Section ThompsonMetric.
Variables (R : realType) (V : completeNormedModType R) (C : set V).
Hypothesis C_add : forall x y, C x -> C y -> C (x + y).
Hypothesis C_scale : forall (l : R) x, 0 <= l -> C x -> C (l *: x).

Lemma cle_trans x y z : cle C x y -> cle C y z -> cle C x z.
Proof. by rewrite /cle => hxy hyz; have := C_add hyz hxy; rewrite addrA addrNK. Qed.

Lemma cleD x y x' y' : cle C x y -> cle C x' y' -> cle C (x + x') (y + y').
Proof. by rewrite /cle opprD addrACA; apply: C_add. Qed.

Lemma cle_dominated (K p q : R) u v : C u -> cle C v (K *: u) ->
  0 <= p -> p * K <= q -> cle C (p *: v) (q *: u).
Proof.
move=> Cu vKu p0 pKq; rewrite /cle.
have -> : q *: u - p *: v = (q - p * K) *: u + p *: (K *: u - v).
  by rewrite scalerBl scalerBr scalerA addrA addrNK.
by apply: C_add; apply: C_scale; rewrite ?subr_ge0.
Qed.

Definition tbound (b : R) (x y : V) : Prop :=
  1 <= b /\ cle C (b^-1 *: x) y /\ cle C y (b *: x).

Lemma tbound_ge b b' x y : C x -> tbound b x y -> b <= b' -> tbound b' x y.
Proof.
move=> Cx [b1 [lo up]] bb'; split; first lra.
have b0 : 0 < b by lra.
split.
- apply: cle_trans lo; rewrite /cle -scalerBl.
  by apply: C_scale => //; rewrite subr_ge0 lef_pV2 ?posrE //; lra.
- apply: (cle_trans up); rewrite /cle -scalerBl.
  by apply: C_scale => //; rewrite subr_ge0.
Qed.

Lemma tbound_trans a b x y z : tbound a x y -> tbound b y z -> tbound (a * b) x z.
Proof.
move=> [a1 [lo1 up1]] [b1 [lo2 up2]]; split; first nra.
have a0 : a != 0 by apply: lt0r_neq0; lra.
split.
- apply: cle_trans lo2; rewrite invfM mulrC -scalerA /cle -scalerBr.
  by apply: C_scale => //; rewrite invr_ge0; lra.
- apply: (cle_trans up2); rewrite mulrC -scalerA /cle -scalerBr.
  by apply: C_scale => //; lra.
Qed.

Lemma tbound_sym b x y : tbound b x y -> tbound b y x.
Proof.
move=> [b1 [lo up]]; have b0 : b != 0 by apply: lt0r_neq0; lra.
split => //; split; rewrite /cle.
- have -> : x - b^-1 *: y = b^-1 *: (b *: x - y).
    by rewrite scalerBr scalerA mulVf // scale1r.
  by apply: C_scale => //; rewrite invr_ge0; lra.
- have -> : b *: y - x = b *: (y - b^-1 *: x).
    by rewrite scalerBr scalerA divff // scale1r.
  by apply: C_scale => //; lra.
Qed.

Lemma interior_ball x : interior C x ->
  exists2 r : R, 0 < r & forall z, `|z| < r -> C (x + z).
Proof.
move=> /nbhs_ballP [r r0 hr]; exists r => // z hz; apply: hr.
by rewrite -ball_normE /ball_ /= opprD addrA subrr add0r normrN.
Qed.

Lemma interior_addr x y : interior C x -> C y -> interior C (x + y).
Proof.
move=> /interior_ball [r r0 hr] Cy; apply/nbhs_ballP; exists r => // w.
rewrite -ball_normE /ball_ /= => hw.
have -> : w = x + (w - y - x) + y by rewrite [x + _]addrC !addrNK.
by apply: C_add => //; apply: hr; rewrite -normrN !opprB addrA.
Qed.

Lemma interior_subZ x w : interior C x ->
  exists2 e : R, 0 < e & forall t, 0 <= t -> t <= e -> C (x - t *: w).
Proof.
move=> /interior_ball [r r0 hr]; have w1 : 0 < `|w| + 1 by rewrite ltr_pwDr.
exists (r / (`|w| + 1)); first exact: divr_gt0.
move=> t t0 te; apply: hr; rewrite normrN normrZ ger0_norm //.
apply: (@le_lt_trans _ _ (r / (`|w| + 1) * `|w|)); first exact: ler_wpM2r.
by rewrite mulrAC ltr_pdivrMr // ltr_pM2l //; lra.
Qed.

Lemma tbound_interior x y : interior C x -> interior C y -> exists b, tbound b x y.
Proof.
move=> ix iy.
have [e1 e10 he1] := interior_subZ x iy.
have [e2 e20 he2] := interior_subZ y ix.
pose b := 1 + e1^-1 + e2^-1.
have i1 : 0 < e1^-1 by rewrite invr_gt0.
have i2 : 0 < e2^-1 by rewrite invr_gt0.
have b0 : 0 < b by rewrite /b; lra.
have small e : 0 < e -> e^-1 < b -> b^-1 <= e.
  by move=> e0 eb; rewrite -[e]invrK lef_pV2 ?posrE ?invr_gt0 //; lra.
exists b; split; first by rewrite /b; lra.
split; rewrite /cle.
- apply: he1; first by rewrite invr_ge0 ltW.
  by apply: small => //; rewrite /b; lra.
- have -> : b *: x - y = b *: (x - b^-1 *: y).
    by rewrite scalerBr scalerA divff ?scale1r // lt0r_neq0.
  apply/C_scale/he2; [exact: ltW | by rewrite invr_ge0 ltW |].
  by apply: small => //; rewrite /b; lra.
Qed.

※ ※ ※

Please repeat the records so that each one reads exactly as it does above.

Section ThompsonMetric.
Variables (R : realType) (V : completeNormedModType R) (C : set V).
Hypothesis C_add : forall x y, C x -> C y -> C (x + y).
Hypothesis C_scale : forall (l : R) x, 0 <= l -> C x -> C (l *: x).

Lemma cle_trans x y z : cle C x y -> cle C y z -> cle C x z.
Proof. by rewrite /cle => hxy hyz; have := C_add hyz hxy; rewrite addrA addrNK. Qed.

Lemma cleD x y x' y' : cle C x y -> cle C x' y' -> cle C (x + x') (y + y').
Proof. by rewrite /cle opprD addrACA; apply: C_add. Qed.

Lemma cle_dominated (K p q : R) u v : C u -> cle C v (K *: u) ->
  0 <= p -> p * K <= q -> cle C (p *: v) (q *: u).
Proof.
move=> Cu vKu p0 pKq; rewrite /cle.
have -> : q *: u - p *: v = (q - p * K) *: u + p *: (K *: u - v).
  by rewrite scalerBl scalerBr scalerA addrA addrNK.
by apply: C_add; apply: C_scale; rewrite ?subr_ge0.
Qed.

Definition tbound (b : R) (x y : V) : Prop :=
  1 <= b /\ cle C (b^-1 *: x) y /\ cle C y (b *: x).

Lemma tbound_ge b b' x y : C x -> tbound b x y -> b <= b' -> tbound b' x y.
Proof.
move=> Cx [b1 [lo up]] bb'; split; first lra.
have b0 : 0 < b by lra.
split.
- apply: cle_trans lo; rewrite /cle -scalerBl.
  by apply: C_scale => //; rewrite subr_ge0 lef_pV2 ?posrE //; lra.
- apply: (cle_trans up); rewrite /cle -scalerBl.
  by apply: C_scale => //; rewrite subr_ge0.
Qed.

Lemma tbound_trans a b x y z : tbound a x y -> tbound b y z -> tbound (a * b) x z.
Proof.
move=> [a1 [lo1 up1]] [b1 [lo2 up2]]; split; first nra.
have a0 : a != 0 by apply: lt0r_neq0; lra.
split.
- apply: cle_trans lo2; rewrite invfM mulrC -scalerA /cle -scalerBr.
  by apply: C_scale => //; rewrite invr_ge0; lra.
- apply: (cle_trans up2); rewrite mulrC -scalerA /cle -scalerBr.
  by apply: C_scale => //; lra.
Qed.

Lemma tbound_sym b x y : tbound b x y -> tbound b y x.
Proof.
move=> [b1 [lo up]]; have b0 : b != 0 by apply: lt0r_neq0; lra.
split => //; split; rewrite /cle.
- have -> : x - b^-1 *: y = b^-1 *: (b *: x - y).
    by rewrite scalerBr scalerA mulVf // scale1r.
  by apply: C_scale => //; rewrite invr_ge0; lra.
- have -> : b *: y - x = b *: (y - b^-1 *: x).
    by rewrite scalerBr scalerA divff // scale1r.
  by apply: C_scale => //; lra.
Qed.

Lemma interior_ball x : interior C x ->
  exists2 r : R, 0 < r & forall z, `|z| < r -> C (x + z).
Proof.
move=> /nbhs_ballP [r r0 hr]; exists r => // z hz; apply: hr.
by rewrite -ball_normE /ball_ /= opprD addrA subrr add0r normrN.
Qed.

Lemma interior_addr x y : interior C x -> C y -> interior C (x + y).
Proof.
move=> /interior_ball [r r0 hr] Cy; apply/nbhs_ballP; exists r => // w.
rewrite -ball_normE /ball_ /= => hw.
have -> : w = x + (w - y - x) + y by rewrite [x + _]addrC !addrNK.
by apply: C_add => //; apply: hr; rewrite -normrN !opprB addrA.
Qed.

Lemma interior_subZ x w : interior C x ->
  exists2 e : R, 0 < e & forall t, 0 <= t -> t <= e -> C (x - t *: w).
Proof.
move=> /interior_ball [r r0 hr]; have w1 : 0 < `|w| + 1 by rewrite ltr_pwDr.
exists (r / (`|w| + 1)); first exact: divr_gt0.
move=> t t0 te; apply: hr; rewrite normrN normrZ ger0_norm //.
apply: (@le_lt_trans _ _ (r / (`|w| + 1) * `|w|)); first exact: ler_wpM2r.
by rewrite mulrAC ltr_pdivrMr // ltr_pM2l //; lra.
Qed.

Lemma tbound_interior x y : interior C x -> interior C y -> exists b, tbound b x y.
Proof.
move=> ix iy.
have [e1 e10 he1] := interior_subZ x iy.
have [e2 e20 he2] := interior_subZ y ix.
pose b := 1 + e1^-1 + e2^-1.
have i1 : 0 < e1^-1 by rewrite invr_gt0.
have i2 : 0 < e2^-1 by rewrite invr_gt0.
have b0 : 0 < b by rewrite /b; lra.
have small e : 0 < e -> e^-1 < b -> b^-1 <= e.
  by move=> e0 eb; rewrite -[e]invrK lef_pV2 ?posrE ?invr_gt0 //; lra.
exists b; split; first by rewrite /b; lra.
split; rewrite /cle.
- apply: he1; first by rewrite invr_ge0 ltW.
  by apply: small => //; rewrite /b; lra.
- have -> : b *: x - y = b *: (x - b^-1 *: y).
    by rewrite scalerBr scalerA divff ?scale1r // lt0r_neq0.
  apply/C_scale/he2; [exact: ltW | by rewrite invr_ge0 ltW |].
  by apply: small => //; rewrite /b; lra.
Qed.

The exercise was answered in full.